8.5 Model notation

There is a concise notation for specifying the choices made in a model design, that is, which is the response variable, what are the explanatory variables, and what model terms to use. This notation is the one you will use it in working with computers.

To illustrate, here is the notation for some of the models looked at earlier in this chapter:

  • ccf ~ 1 + temperature
  • wage ~ 1 + sex
  • time ~ 1 + year + sex + year:sex

The ~ symbol (pronounced “tilde”) divides each statement into two parts. On the left of the tilde is the name of the response variable. On the right is a list of model terms. When there is more than one model term, as is typically the case, the terms are separated by a + sign.

The examples show three types of model terms:

  • The symbol 1 stands for the intercept term.
  • A variable name (e.g., sex or temperature) stands for using that variable in a main term.
  • An interaction term is written as two names separated by a colon, for instance year:sex.

Although this notation looks like arithmetic or algebra, IT IS NOT. The plus sign does not mean arithmetic addition, it simply is the divider mark between terms.

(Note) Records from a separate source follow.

(* In the VI setting below, let $u\in\mathbb{R}^n$ and $y=S(u)$. Then $$\partial_BS(u)=\{A(\mathcal A_s\cup\mathcal B_0)^{-1}\chi(\mathcal A_s\cup\mathcal B_0):\ \mathcal B_0\subseteq\mathcal B\},$$ where $\mathcal A_s=\mathcal A_s(u)$ and $\mathcal B=\mathcal B(u)$.
   Context: VI setting: $A\in\mathbb{R}^{n\times n}$ symmetric positive definite, $\|v\|_1=\sum_i|v_i|$. For $u\in\mathbb{R}^n$, $S(u)=y$ is the unique solution of $\langle Ay,v-y\rangle+\|v\|_1-\|y\|_1\ge\langle u,v-y\rangle$ for all $v\in\mathbb{R}^n$; equivalently there is $q\in\mathbb{R}^n$ with $Ay+q=u$, $y_iq_i=|y_i|$, $|q_i|\le1$, and then $q=u-Ay$. $S$ is globally Lipschitz and directionally differentiable. Index sets (depending on $u$ through $y,q$): $\mathcal A_s(u)=\{i:|q_i|<1\}$ (strongly active), $\mathcal I(u)=\{i:y_i\ne0\}$ (inactive), $\mathcal B(u)=\{i:y_i=0,\ |q_i|=1\}$ (biactive). For $\mathcal N\subseteq\{1,\dots,n\}$: $A(\mathcal N)_{ij}=A_{ij}$ if $i,j\notin\mathcal N$, $A(\mathcal N)_{ij}=0$ if $i\ne j$ and ($i\in\mathcal N$ or $j\in\mathcal N$), $A(\mathcal N)_{ii}=1$ if $i\in\mathcal N$; $\chi(\mathcal N)$ is the diagonal matrix with $\chi(\mathcal N)_{ii}=1$ for $i\notin\mathcal N$ and $0$ otherwise ($A(\mathcal N)$ is invertible). $\partial_BS(u)$ is the Bouligand subdifferential: all limits $\lim_jS'(u_j)$ with $u_j\to u$ and $S$ differentiable at $u_j$. *)

(* classical reals R.  Vectors of R^n are functions nat -> R,
   matrices are functions nat -> nat -> R; only indices < n are meaningful. *)
From Stdlib Require Import Reals Lra Lia Arith ClassicalEpsilon.
Open Scope R_scope.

In English, one uses a comma to mark the divider as in “rock, paper, and scissors.” The modeling notation uses + instead: “rock + paper + scissors.” So, in the modeling notation 1 + age does not mean “arithmetically add 1 to the age.” Instead, it means “two model terms: the intercept and age as a main term.”

Similarly, don’t confuse the tilde with an algebraic equal sign. The model statement is not an equation. So the statement wage ~ 1 + age does not mean “wage equals 1 plus age.” Instead it means, wage is the response variable and there are two model terms: the intercept and age as a main term.”

In order to avoid accidentally leaving out important terms, the modeling notation includes some shorthand. Two main points will cover most of what you will do:

  • You don’t have to type the 1 term; it will be included by default. So, wage ~ age is the same thing as wage ~ 1 + age. On those very rare occasions when you might want to insist that there be no intercept term, you can indicate this with a minus sign: wage ~ age - 1.

  • Almost always, when you include an interaction term between two variables, you will also include the main terms for those variables. The * sign can be used as shorthand. The model wage ~ 1 + sex + age + sex:age can be written simply as wage ~ sex * age.